(* Let $(q_l)_{l\ge1}$ be positive numbers with $q_1=1$ and $0<R:=\lim_{l\to\infty}q_l/q_{l+1}<\infty$, and let $\gamma_l>0$ for all $l$. For every $\rho^*>0$ there exists an equilibrium state $z^*$ with $\rho(z^* )=\rho^*$ if and only if condition (EQ) holds: $\tilde f(1)>1$, or $\tilde f(1)=1$ and $\tilde g(1)<\infty$. Moreover, if (EQ) holds, then (a) there is a unique $\mu^*\in(0,1]$ with $\tilde f(\mu^* )=1$; (b) the equilibrium state $z^*$ with $\rho(z^* )=\rho^*$ lies in $X_+$ (all entries strictly positive) and is given by $$z^*_l=N^*\,\tilde q_l\,(\mu^* )^l\ (l\in\mathbb{N}),\qquad N^*=N(z^* )=\rho^*/\tilde g(\mu^* );$$ (c) $\tilde A(z^* )=\rho^*\ln\mu^*\le0$.
   Context: $X=\{z=(z_l)_{l\ge1}:\sum_l l|z_l|<\infty\}$, $X_{0+}$ its nonnegative elements. For $z\in X$: $\rho(z)=\sum_l l z_l$, $N(z)=\sum_l z_l$, $J_l(z)=\gamma_l\big(z_1z_l-N(z)\frac{q_l}{q_{l+1}}z_{l+1}\big)$ for $l\ge1$ and $J_0(z)=-\sum_{l\ge1}J_l(z)$. An equilibrium state is some $z\in X_{0+}$ with $J_l(z)=0$ for all $l\ge0$. Set $\tilde q_l=q_lR^l$, $\tilde f(\mu)=\sum_{l\ge1}\tilde q_l\mu^l$, $\tilde g(\mu)=\sum_{l\ge1}l\,\tilde q_l\mu^l$ (both have radius of convergence $1$), $\tilde f(1)=\sum_l\tilde q_l\in(0,\infty]$, $\tilde g(1)=\sum_l l\tilde q_l\in(0,\infty]$. For $z\in X_{0+}\setminus\{0\}$, $\tilde A(z)=\sum_l z_l\ln\big(z_l/(\tilde q_lN(z))\big)$ with $0\ln0=0$, and $\tilde A(0)=0$. *)

From Stdlib Require Import Reals.
From Coquelicot Require Import Coquelicot.
Open Scope R_scope.

(* Sequences (z_l)_{l>=1} are modelled as z : nat -> R; the value z 0 is
   never used.  Every series over l >= 1 is written as a series over n >= 0
   with term at index l = S n. *)

Definition inX (z : nat -> R) : Prop :=
  ex_series (fun n => INR (S n) * Rabs (z (S n))).

Definition inX0p (z : nat -> R) : Prop :=
  inX z /\ forall l, (1 <= l)%nat -> 0 <= z l.

Definition rhoz (z : nat -> R) : R := Series (fun n => INR (S n) * z (S n)).
Definition Nz (z : nat -> R) : R := Series (fun n => z (S n)).

Definition Jl (q gamma : nat -> R) (z : nat -> R) (l : nat) : R :=
  gamma l * (z 1%nat * z l - Nz z * (q l / q (S l)) * z (S l)).

Definition J0 (q gamma : nat -> R) (z : nat -> R) : R :=
  - Series (fun n => Jl q gamma z (S n)).

Definition equilibrium (q gamma : nat -> R) (z : nat -> R) : Prop :=
  inX0p z /\ J0 q gamma z = 0 /\ forall l, (1 <= l)%nat -> Jl q gamma z l = 0.

Definition qt (q : nat -> R) (Rq : R) (l : nat) : R := q l * Rq ^ l.

(* tilde f(mu) = sum_{l>=1} tilde q_l mu^l, as an extended real (value +oo
   when the (nonnegative-term) series diverges). *)
Definition ftilde (q : nat -> R) (Rq : R) (mu : R) : Rbar :=
  Lim_seq (sum_n (fun n => qt q Rq (S n) * mu ^ (S n))).

Definition gtilde (q : nat -> R) (Rq : R) (mu : R) : Rbar :=
  Lim_seq (sum_n (fun n => INR (S n) * qt q Rq (S n) * mu ^ (S n))).

Definition EQcond (q : nat -> R) (Rq : R) : Prop :=
  Rbar_lt 1 (ftilde q Rq 1)
  \/ (ftilde q Rq 1 = Finite 1 /\ Rbar_lt (gtilde q Rq 1) p_infty).

(* tilde A(z) = sum_l z_l ln(z_l / (tilde q_l N(z))), with 0 ln 0 = 0
   (for z = 0 every term vanishes, so tilde A(0) = 0). *)
Definition Aterm (q : nat -> R) (Rq : R) (z : nat -> R) (l : nat) : R :=
  if Req_EM_T (z l) 0 then 0 else z l * ln (z l / (qt q Rq l * Nz z)).

Definition Atilde (q : nat -> R) (Rq : R) (z : nat -> R) : R :=
  Series (fun n => Aterm q Rq z (S n)).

--------------------

# [Task item]
The material should be transcribed in full, character for character.

# [Exercise solution]
(* Let $(q_l)_{l\ge1}$ be positive numbers with $q_1=1$ and $0<R:=\lim_{l\to\infty}q_l/q_{l+1}<\infty$, and let $\gamma_l>0$ for all $l$. For every $\rho^*>0$ there exists an equilibrium state $z^*$ with $\rho(z^* )=\rho^*$ if and only if condition (EQ) holds: $\tilde f(1)>1$, or $\tilde f(1)=1$ and $\tilde g(1)<\infty$. Moreover, if (EQ) holds, then (a) there is a unique $\mu^*\in(0,1]$ with $\tilde f(\mu^* )=1$; (b) the equilibrium state $z^*$ with $\rho(z^* )=\rho^*$ lies in $X_+$ (all entries strictly positive) and is given by $$z^*_l=N^*\,\tilde q_l\,(\mu^* )^l\ (l\in\mathbb{N}),\qquad N^*=N(z^* )=\rho^*/\tilde g(\mu^* );$$ (c) $\tilde A(z^* )=\rho^*\ln\mu^*\le0$.
   Context: $X=\{z=(z_l)_{l\ge1}:\sum_l l|z_l|<\infty\}$, $X_{0+}$ its nonnegative elements. For $z\in X$: $\rho(z)=\sum_l l z_l$, $N(z)=\sum_l z_l$, $J_l(z)=\gamma_l\big(z_1z_l-N(z)\frac{q_l}{q_{l+1}}z_{l+1}\big)$ for $l\ge1$ and $J_0(z)=-\sum_{l\ge1}J_l(z)$. An equilibrium state is some $z\in X_{0+}$ with $J_l(z)=0$ for all $l\ge0$. Set $\tilde q_l=q_lR^l$, $\tilde f(\mu)=\sum_{l\ge1}\tilde q_l\mu^l$, $\tilde g(\mu)=\sum_{l\ge1}l\,\tilde q_l\mu^l$ (both have radius of convergence $1$), $\tilde f(1)=\sum_l\tilde q_l\in(0,\infty]$, $\tilde g(1)=\sum_l l\tilde q_l\in(0,\infty]$. For $z\in X_{0+}\setminus\{0\}$, $\tilde A(z)=\sum_l z_l\ln\big(z_l/(\tilde q_lN(z))\big)$ with $0\ln0=0$, and $\tilde A(0)=0$. *)

From Stdlib Require Import Reals.
From Coquelicot Require Import Coquelicot.
Open Scope R_scope.

(* Sequences (z_l)_{l>=1} are modelled as z : nat -> R; the value z 0 is
   never used.  Every series over l >= 1 is written as a series over n >= 0
   with term at index l = S n. *)

Definition inX (z : nat -> R) : Prop :=
  ex_series (fun n => INR (S n) * Rabs (z (S n))).

Definition inX0p (z : nat -> R) : Prop :=
  inX z /\ forall l, (1 <= l)%nat -> 0 <= z l.

Definition rhoz (z : nat -> R) : R := Series (fun n => INR (S n) * z (S n)).
Definition Nz (z : nat -> R) : R := Series (fun n => z (S n)).

Definition Jl (q gamma : nat -> R) (z : nat -> R) (l : nat) : R :=
  gamma l * (z 1%nat * z l - Nz z * (q l / q (S l)) * z (S l)).

Definition J0 (q gamma : nat -> R) (z : nat -> R) : R :=
  - Series (fun n => Jl q gamma z (S n)).

Definition equilibrium (q gamma : nat -> R) (z : nat -> R) : Prop :=
  inX0p z /\ J0 q gamma z = 0 /\ forall l, (1 <= l)%nat -> Jl q gamma z l = 0.

Definition qt (q : nat -> R) (Rq : R) (l : nat) : R := q l * Rq ^ l.

(* tilde f(mu) = sum_{l>=1} tilde q_l mu^l, as an extended real (value +oo
   when the (nonnegative-term) series diverges). *)
Definition ftilde (q : nat -> R) (Rq : R) (mu : R) : Rbar :=
  Lim_seq (sum_n (fun n => qt q Rq (S n) * mu ^ (S n))).

Definition gtilde (q : nat -> R) (Rq : R) (mu : R) : Rbar :=
  Lim_seq (sum_n (fun n => INR (S n) * qt q Rq (S n) * mu ^ (S n))).

Definition EQcond (q : nat -> R) (Rq : R) : Prop :=
  Rbar_lt 1 (ftilde q Rq 1)
  \/ (ftilde q Rq 1 = Finite 1 /\ Rbar_lt (gtilde q Rq 1) p_infty).

(* tilde A(z) = sum_l z_l ln(z_l / (tilde q_l N(z))), with 0 ln 0 = 0
   (for z = 0 every term vanishes, so tilde A(0) = 0). *)
Definition Aterm (q : nat -> R) (Rq : R) (z : nat -> R) (l : nat) : R :=
  if Req_EM_T (z l) 0 then 0 else z l * ln (z l / (qt q Rq l * Nz z)).

Definition Atilde (q : nat -> R) (Rq : R) (z : nat -> R) : R :=
  Series (fun n => Aterm q Rq z (S n)).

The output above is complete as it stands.